* HOW TO COMPLETE THIS TASK
Return only those lines of the records below in which "Require" appears.

* SOURCE INFORMATION
..............................

(* Let $n\ge1$, $m\ge n$, and ${\sf A}_k(\mathbf u)$ as defined in the context. (i) For $\mathbf t=(t_0,\dots,t_m)$ put $h(\mathbf t;\mathbf u)=\sum_{k=0}^m t_k p_k(\mathbf u)$ and ${\sf H}(\mathbf t;\mathbf u)=\sum_{k=0}^m t_k{\sf A}_k(\mathbf u)$. Then ${\sf H}$ is upper triangular with $({\sf H})_{i,j}=\frac{\partial^{\,j-i}h}{\partial u_1^{\,j-i}}$ for $i\le j$, and the critical point equations $\frac{\partial\Phi}{\partial y_i}(\mathbf t;\mathbf u)=0$ ($i=1,\dots,n$) for $\Phi(\mathbf t;\mathbf y)=\sum_{k=0}^m t_kp_{k+1}(\mathbf y)$ hold if and only if ${\sf H}(\mathbf t;\mathbf u)=0$. (ii) For every $\mathbf u\in\mathbb C^n$, setting $t_i=(-1)^i e_{n-i}(\mathbf u)$ for $i=0,1,\dots,n$ and $t_k=0$ for $n<k\le m$ gives ${\sf H}(\mathbf t;\mathbf u)=0$, where $e_j(\mathbf u):=(-1)^j p_j(-\mathbf u)$.
   Context: The elementary Schur polynomials $p_k(\mathbf u)$, $\mathbf u=(u_1,\dots,u_n)$, are defined by $\exp\big(\sum_{i=1}^n u_i z^i\big)=\sum_{k\ge 0}p_k(\mathbf u)z^k$, with $p_k=0$ for $k<0$. ${\sf A}_k(\mathbf u)$ is the $n\times n$ matrix with $({\sf A}_k)_{i,j}=p_{k-j+i}(\mathbf u)$ for $i\le j$ and $0$ for $i>j$. *)

From HB Require Import structures.
From mathcomp Require Import all_boot all_order all_algebra.
Set Implicit Arguments. Unset Strict Implicit. Unset Printing Implicit Defensive.
Import Order.TTheory GRing.Theory Num.Theory.
Local Open Scope ring_scope.

(* Elementary Schur polynomials, with coefficients u_1..u_n stored at indices
   0..n-1 and living in {poly R} (so that we can single out one variable).
   p_k(u) = coefficient of z^k in exp(sum_i u_i z^i)
          = coefficient of z^k in sum_{j<=k} (sum_i u_i z^i)^j / j!
   (terms with j > k do not contribute to the z^k coefficient). *)
Definition schurP (R : numFieldType) (n k : nat) (u : 'I_n -> {poly R}) : {poly R} :=
  \sum_(j < k.+1)
     ((nat_of_ord j)`!%:R : R)^-1 *: ((\sum_(i < n) (u i)%:P * 'X^((nat_of_ord i).+1)) ^+ j)`_k.

Definition schur (R : numFieldType) (n k : nat) (u : 'I_n -> R) : R :=
  (schurP k (fun i => (u i)%:P)).[0].

Definition schurZ (R : numFieldType) (n : nat) (k : int) (u : 'I_n -> R) : R :=
  match k with Posz k' => schur k' u | Negz _ => 0 end.

Definition Amx (R : numFieldType) (n k : nat) (u : 'I_n -> R) : 'M[R]_n :=
  \matrix_(i, j) if (i <= j)%N then schurZ (k%:Z - (nat_of_ord j)%:Z + (nat_of_ord i)%:Z) u else 0.

Definition Hmx (R : numFieldType) (n m : nat) (t : 'I_m.+1 -> R) (u : 'I_n -> R) : 'M[R]_n :=
  \sum_(k < m.+1) t k *: Amx k u.

Definition varpoly (R : numFieldType) (n : nat) (u : 'I_n -> R) (i : 'I_n) : 'I_n -> {poly R} :=
  fun j => if j == i then 'X else (u j)%:P.

(* h(t; u) as a polynomial in the variable u_i (other coordinates fixed to u) *)
Definition h_in (R : numFieldType) (n m : nat) (t : 'I_m.+1 -> R) (u : 'I_n -> R) (i : 'I_n)
  : {poly R} := \sum_(k < m.+1) t k *: schurP k (varpoly u i).

(* Phi(t; y) = sum_k t_k p_{k+1}(y), as a polynomial in y_i (others fixed to u) *)
Definition Phi_in (R : numFieldType) (n m : nat) (t : 'I_m.+1 -> R) (u : 'I_n -> R) (i : 'I_n)
  : {poly R} := \sum_(k < m.+1) t k *: schurP k.+1 (varpoly u i).

Definition elem (R : numFieldType) (n j : nat) (u : 'I_n -> R) : R :=
  (-1) ^+ j * schur j (fun i => - u i).

From HB Require Import structures.
From mathcomp Require Import all_boot all_order all_algebra zify ring.
Import Order.TTheory GRing.Theory Num.Theory.
Set Implicit Arguments. Unset Strict Implicit. Unset Printing Implicit Defensive.
Local Open Scope ring_scope.

(* With W(z) = sum_i u_i z^i, p_k(u) is the z^k-coefficient of exp W. Differentiating
   in u_i multiplies exp W by z^i, so d p_k / d u_i = p_(k-i). Hence the r-th
   u_1-derivative of h is sum_k t_k p_(k-r), the entry of H on its r-th superdiagonal,
   and d Phi / d u_i = sum_k t_k p_(k+1-i) is the entry on the (i-1)-th one.
   For (ii), the entry of H on the d-th superdiagonal becomes
   (-1)^n sum_b p_b(u) p_(n-d-b)(-u), the z^(n-d)-coefficient of exp(W) exp(-W) = 1.
   Exponentials are truncated to E_N(V) = sum_(j<N) V^j/j!; the needed identity survives
   because (E_(N+1)(V) E_(N+1)(-V))' is a multiple of V^N, which has order >= N. *)

Lemma sum_ord_widen_vanish (V : nmodType) (k N : nat) (F : nat -> V) :
  (k < N)%N -> (forall j, (k < j)%N -> F j = 0) ->
  \sum_(j < k.+1) F j = \sum_(j < N) F j.
Proof.
move=> kN F0; rewrite (big_ord_widen _ _ kN) big_mkcond /=.
by apply: eq_bigr => j _; case: ltnP => // /F0.
Qed.

Definition weight_poly (A : nzRingType) (n : nat) (u : 'I_n -> A) : {poly A} :=
  \sum_(i < n) (u i)%:P * 'X^(i.+1).

Lemma coef_weight_poly_exp (A : comNzRingType) n (u : 'I_n -> A) j k :
  (k < j)%N -> ((weight_poly u) ^+ j)`_k = 0.
Proof.
have -> : weight_poly u = 'X * \sum_(i < n) (u i)%:P * 'X^i.
  by rewrite mulr_sumr; apply: eq_bigr => i _; rewrite exprS mulrCA.
by rewrite exprMn coefXnM => ->.
Qed.

Lemma weight_polyN (A : comNzRingType) n (u : 'I_n -> A) :
  weight_poly (fun i => - u i) = - weight_poly u.
Proof. by rewrite -sumrN; apply: eq_bigr => i _; rewrite polyCN mulNr. Qed.

Section Exponential.
Variable R : numFieldType.

Definition invfact (j : nat) : R := (j`!%:R)^-1.

Lemma invfactS (j : nat) : invfact j.+1 * j.+1%:R = invfact j.
Proof. by rewrite /invfact factS natrM invfM mulrAC mulVf ?mul1r ?pnatr_eq0. Qed.

Definition expt (N : nat) (V : {poly R}) : {poly R} := \sum_(j < N) invfact j *: V ^+ j.

Lemma exptS N V : expt N.+1 V = expt N V + invfact N *: V ^+ N.
Proof. by rewrite /expt big_ord_recr. Qed.

Lemma deriv_expt N V : (expt N.+1 V)^`() = V^`() * expt N V.
Proof.
rewrite /expt raddf_sum /= big_ord_recl /= derivZ expr0 derivC scaler0 add0r.
rewrite mulr_sumr; apply: eq_bigr => j _.
rewrite derivZ deriv_exp -scalerMnr -scaler_nat scalerA scalerAr.
by rewrite [_ * invfact _]mulrC invfactS.
Qed.

Lemma coef_expt_mul_exptN N (V : {poly R}) c :
  (forall j i, (i < j)%N -> (V ^+ j)`_i = 0) ->
  (0 < c <= N)%N -> (expt N.+1 V * expt N.+1 (- V))`_c = 0.
Proof.
move=> V_order /andP[c_gt0 cN].
set P := expt N.+1 V * expt N.+1 (- V).
have dP : P^`() = V ^+ N * (V^`() * (invfact N)%:P * ((-1) ^+ N * expt N V - expt N (- V))).
  rewrite /P derivM !deriv_expt derivN !exptS -!mul_polyC [(- V) ^+ N]exprNn.
  ring.
have dP_low k : (k < N)%N -> P^`()`_k = 0.
  move=> kN; rewrite dP coefM big1 // => j _.
  by rewrite V_order ?mul0r //; move: (ltn_ord j) kN; clear; lia.
have c1N : (c.-1 < N)%N by rewrite prednK.
have /eqP := dP_low _ c1N; rewrite coef_deriv prednK //.
by rewrite mulrn_eq0 => /orP[/eqP c0|/eqP]; first by rewrite c0 in c_gt0.
Qed.

End Exponential.

Lemma horner_schurP (R : numFieldType) n k (v : 'I_n -> {poly R}) x :
  (schurP k v).[x] =
  \sum_(j < k.+1) invfact R j * ((weight_poly (fun i => (v i).[x])) ^+ j)`_k.
Proof.
rewrite /schurP horner_sum; apply: eq_bigr => j _; rewrite hornerZ.
have -> : weight_poly (fun i => (v i).[x]) = map_poly (horner_eval x) (weight_poly v).
  rewrite /weight_poly rmorph_sum; apply: eq_bigr => i _.
  by rewrite rmorphM /= map_polyC rmorphXn /= map_polyX.
by rewrite -rmorphXn coef_map.
Qed.

Lemma weight_poly_hornerC (R : numFieldType) n (w : 'I_n -> R) y :
  weight_poly (fun i => (w i)%:P.[y]) = weight_poly w.
Proof. by apply: eq_bigr => i _; rewrite hornerC. Qed.

Lemma schur_coef_expt (R : numFieldType) n k N (u : 'I_n -> R) :
  (k < N)%N -> schur k u = (expt N (weight_poly u))`_k.
Proof.
move=> kN; rewrite /schur horner_schurP weight_poly_hornerC.
rewrite (sum_ord_widen_vanish (F := fun j => invfact R j * ((weight_poly u) ^+ j)`_k) kN).
  by rewrite /expt coef_sum; apply: eq_bigr => j _; rewrite coefZ.
by move=> j kj; rewrite coef_weight_poly_exp ?mulr0.
Qed.

Lemma schur_convolutionN (R : numFieldType) n (u : 'I_n -> R) c : (0 < c)%N ->
  \sum_(b < c.+1) schur b u * schur (c - b) (fun i => - u i) = 0.
Proof.
move=> c_gt0.
transitivity ((expt c.+1 (weight_poly u) * expt c.+1 (- weight_poly u))`_c).
  rewrite coefM; apply: eq_bigr => b _.
  by rewrite !(@schur_coef_expt _ _ _ c.+1) ?weight_polyN // ltnS leq_subr.
by apply: coef_expt_mul_exptN; [exact: coef_weight_poly_exp | rewrite c_gt0 /=].
Qed.

(* Derivative in the coefficient ring of {poly {poly R}}: in schurP, the outer variable
   is z and the inner one is the coordinate of u that is being differentiated. *)
Section CoefDerivative.
Variable R : numFieldType.

Definition cderiv (P : {poly {poly R}}) : {poly {poly R}} := map_poly (@deriv R) P.

Lemma coef_cderiv P k : (cderiv P)`_k = (P`_k)^`().
Proof. by rewrite /cderiv coef_map. Qed.

Lemma cderivM P Q : cderiv (P * Q) = cderiv P * Q + P * cderiv Q.
Proof.
apply/polyP => k; rewrite coefD coef_cderiv !coefM raddf_sum -big_split /=.
by apply: eq_bigr => i _; rewrite derivM !coef_cderiv.
Qed.

Lemma cderiv1 : cderiv 1 = 0.
Proof. by rewrite /cderiv -polyC1 map_polyC /= derivC. Qed.

Lemma cderivXn P j : cderiv (P ^+ j.+1) = P ^+ j * cderiv P *+ j.+1.
Proof.
elim: j => [|j IHj]; first by rewrite expr1 expr0 mul1r.
rewrite exprS cderivM IHj exprS mulrnAr -mulrnAl [RHS]mulrS mulrC.
by rewrite mulrnAl mulrA.
Qed.

Variables (n : nat) (u : 'I_n -> {poly R}) (i : 'I_n).
Hypothesis deriv_u : forall l, (u l)^`() = (l == i)%:R.

Lemma cderiv_weight_poly : cderiv (weight_poly u) = 'X^(i.+1).
Proof.
apply/polyP => k; rewrite coef_cderiv coefXn /weight_poly coef_sum raddf_sum /=.
rewrite (bigD1 i) //= big1 ?addr0 => [|l /negbTE il].
  by rewrite coefCM coefXn; case: (k == i.+1); rewrite ?mulr1 ?mulr0 ?deriv_u ?eqxx ?raddf0.
by rewrite coefCM coefXn; case: (k == l.+1); rewrite ?mulr1 ?mulr0 ?deriv_u ?il ?raddf0.
Qed.

Lemma deriv_schurP k :
  (schurP k u)^`() = if (i < k)%N then schurP (k - i.+1) u else 0.
Proof.
rewrite [X in X^`()]/schurP raddf_sum /= big_ord_recl /= derivZ -coef_cderiv.
rewrite expr0 cderiv1 coef0 scaler0 add0r.
under eq_bigr => j _ do rewrite derivZ -coef_cderiv cderivXn cderiv_weight_poly coefMn coefMXn.
case: ifP => ik; last by apply: big1 => j _; rewrite ltnNge ik mul0rn scaler0.
have ki : (k - i.+1 < k)%N by move: ik; clear; lia.
pose F j := invfact R j *: ((weight_poly u) ^+ j)`_(k - i.+1).
rewrite /schurP (sum_ord_widen_vanish (F := F) ki) => [|j kj]; last first.
  by rewrite /F coef_weight_poly_exp ?scaler0.
apply: eq_bigr => j _; rewrite /F ltnNge ik /= -scalerMnr -scaler_nat scalerA.
by rewrite mulrC invfactS.
Qed.

End CoefDerivative.

Lemma deriv_varpoly (R : numFieldType) n (u : 'I_n -> R) i l :
  (varpoly u i l)^`() = (l == i)%:R.
Proof. by rewrite /varpoly; case: (l == i); rewrite ?derivX ?derivC. Qed.

Lemma horner_schurP_varpoly (R : numFieldType) n (u : 'I_n -> R) i k :
  (schurP k (varpoly u i)).[u i] = schur k u.
Proof.
rewrite /schur !horner_schurP weight_poly_hornerC.
suff -> : weight_poly (fun l => (varpoly u i l).[u i]) = weight_poly u by [].
by apply: eq_bigr => l _; rewrite /varpoly; case: eqP => [->|_]; rewrite ?hornerX ?hornerC.
Qed.

Lemma derivn_schurP_varpoly0 (R : numFieldType) n (u : 'I_n -> R) i r k :
  nat_of_ord i = 0%N ->
  (schurP k (varpoly u i))^`(r) = if (r <= k)%N then schurP (k - r) (varpoly u i) else 0.
Proof.
move=> i0; elim: r k => [|r IHr] k; first by rewrite derivn0 subn0.
rewrite derivSn (deriv_schurP (deriv_varpoly u i)) i0.
by case: k => [|k] /=; rewrite ?raddf0 // IHr subn1.
Qed.

Lemma schurZ_subn (R : numFieldType) n k r (u : 'I_n -> R) :
  schurZ (k%:Z - r%:Z) u = if (r <= k)%N then schur (k - r) u else 0.
Proof.
case: ifP => [rk|/negbT kr]; first by rewrite subzn.
have : k%:Z - r%:Z < 0 by rewrite subr_lt0 ltz_nat ltnNge.
by case: (k%:Z - r%:Z).
Qed.

Definition Hdiag (R : numFieldType) n m (t : 'I_m.+1 -> R) (u : 'I_n -> R) (d : nat) : R :=
  \sum_(k < m.+1) t k * schurZ (k%:Z - d%:Z) u.

Lemma Hmx_entry (R : numFieldType) n m (t : 'I_m.+1 -> R) (u : 'I_n -> R) i j :
  Hmx t u i j = if (i <= j)%N then Hdiag t u (j - i) else 0.
Proof.
rewrite /Hmx summxE; case: ifP => ij; last by apply: big1 => k _; rewrite !mxE ij mulr0.
apply: eq_bigr => k _; rewrite !mxE ij; congr (_ * schurZ _ _).
by rewrite -subzn //; ring.
Qed.

Lemma horner_derivn_h_in (R : numFieldType) n m (t : 'I_m.+1 -> R) (u : 'I_n -> R) i r :
  nat_of_ord i = 0%N -> (h_in t u i)^`(r).[u i] = Hdiag t u r.
Proof.
move=> i0; rewrite /h_in raddf_sum horner_sum; apply: eq_bigr => k _.
rewrite /= derivnZ hornerZ derivn_schurP_varpoly0 // schurZ_subn.
by case: ifP; rewrite ?horner_schurP_varpoly ?horner0.
Qed.

Lemma horner_deriv_Phi_in (R : numFieldType) n m (t : 'I_m.+1 -> R) (u : 'I_n -> R) i :
  (Phi_in t u i)^`().[u i] = Hdiag t u i.
Proof.
rewrite /Phi_in raddf_sum horner_sum; apply: eq_bigr => k _.
rewrite /= derivZ hornerZ (deriv_schurP (deriv_varpoly u i)) schurZ_subn ltnS.
by case: ifP; rewrite ?horner_schurP_varpoly ?subSS ?horner0.
Qed.

Lemma Hdiag_elem (R : numFieldType) n m (u : 'I_n -> R) d :
  (n <= m)%N -> (d < n)%N ->
  Hdiag (fun k : 'I_m.+1 => if (k <= n)%N then (-1) ^+ k * elem (n - k) u else 0) u d = 0.
Proof.
move=> nm dn.
pose F k : R := if (d <= k <= n)%N
  then (-1) ^+ n * (schur (n - k) (fun i => - u i) * schur (k - d) u) else 0.
transitivity (\sum_(k < n.+1) F k).
  rewrite /Hdiag (@sum_ord_widen_vanish _ n m.+1 F) ?ltnS //; last first.
    by move=> k nk; rewrite /F; case: ifP => //; move: nk; clear; lia.
  apply: eq_bigr => k _; rewrite /F schurZ_subn /elem.
  case: (leqP k n) => kn; case: (leqP d k) => dk /=; rewrite ?mul0r ?mulr0 //.
  by rewrite mulrA -exprD subnKC // mulrA.
rewrite -(big_mkord xpredT F) (@big_cat_nat _ _ _ d) //=; last exact: leqW (ltnW dn).
rewrite big_nat_cond big1 ?add0r => [|k /andP[/andP[_ kd] _]]; last by rewrite /F leqNgt kd.
rewrite -{1}(add0n d) big_addn subSn ?(ltnW dn) // big_mkord.
transitivity ((-1) ^+ n * \sum_(b < (n - d).+1) schur b u * schur (n - d - b) (fun i => - u i));
  last by rewrite schur_convolutionN ?mulr0 ?subn_gt0.
rewrite mulr_sumr; apply: eq_bigr => b _.
have bnd := ltn_ord b.
rewrite /F ifT; last by move: bnd dn; clear; lia.
have -> : (n - (b + d) = n - d - b)%N by move: bnd dn; clear; lia.
by rewrite addnK [schur b u * _]mulrC.
Qed.

Theorem mainTheorem5 (R : numFieldType) (n m : nat) (hn : (0 < n)%N) (hnm : (n <= m)%N) :
  (forall (t : 'I_m.+1 -> R) (u : 'I_n -> R),
     (forall i j : 'I_n, (j < i)%N -> Hmx t u i j = 0) /\
     (forall i j : 'I_n, (i <= j)%N ->
        Hmx t u i j = (h_in t u (Ordinal hn))^`((j - i)%N).[u (Ordinal hn)]) /\
     ((forall i : 'I_n, (Phi_in t u i)^`().[u i] = 0) <-> Hmx t u = 0)) /\
  (forall u : 'I_n -> R,
     Hmx (fun k : 'I_m.+1 => if (k <= n)%N then (-1) ^+ k * elem (n - k) u else 0) u = 0).
Proof.
split=> [t u|u]; last first.
  apply/matrixP => i j; rewrite Hmx_entry mxE; case: ifP => // _.
  by apply: Hdiag_elem => //; move: (ltn_ord j); clear; lia.
split; [|split].
- by move=> i j ji; rewrite Hmx_entry leqNgt ji.
- by move=> i j ij; rewrite Hmx_entry ij horner_derivn_h_in.
split=> [crit|/matrixP H0 i].
- apply/matrixP => i j; rewrite Hmx_entry mxE; case: ifP => // _.
  have jin : (j - i < n)%N by move: (ltn_ord j); clear; lia.
  by rewrite -(horner_deriv_Phi_in t u (Ordinal jin)) crit.
- by rewrite horner_deriv_Phi_in; have := H0 (Ordinal hn) i; rewrite Hmx_entry mxE /= subn0.
Qed.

..............................

* REPLY
From HB Require Import structures.
From mathcomp Require Import all_boot all_order all_algebra.
From HB Require Import structures.
From mathcomp Require Import all_boot all_order all_algebra zify ring.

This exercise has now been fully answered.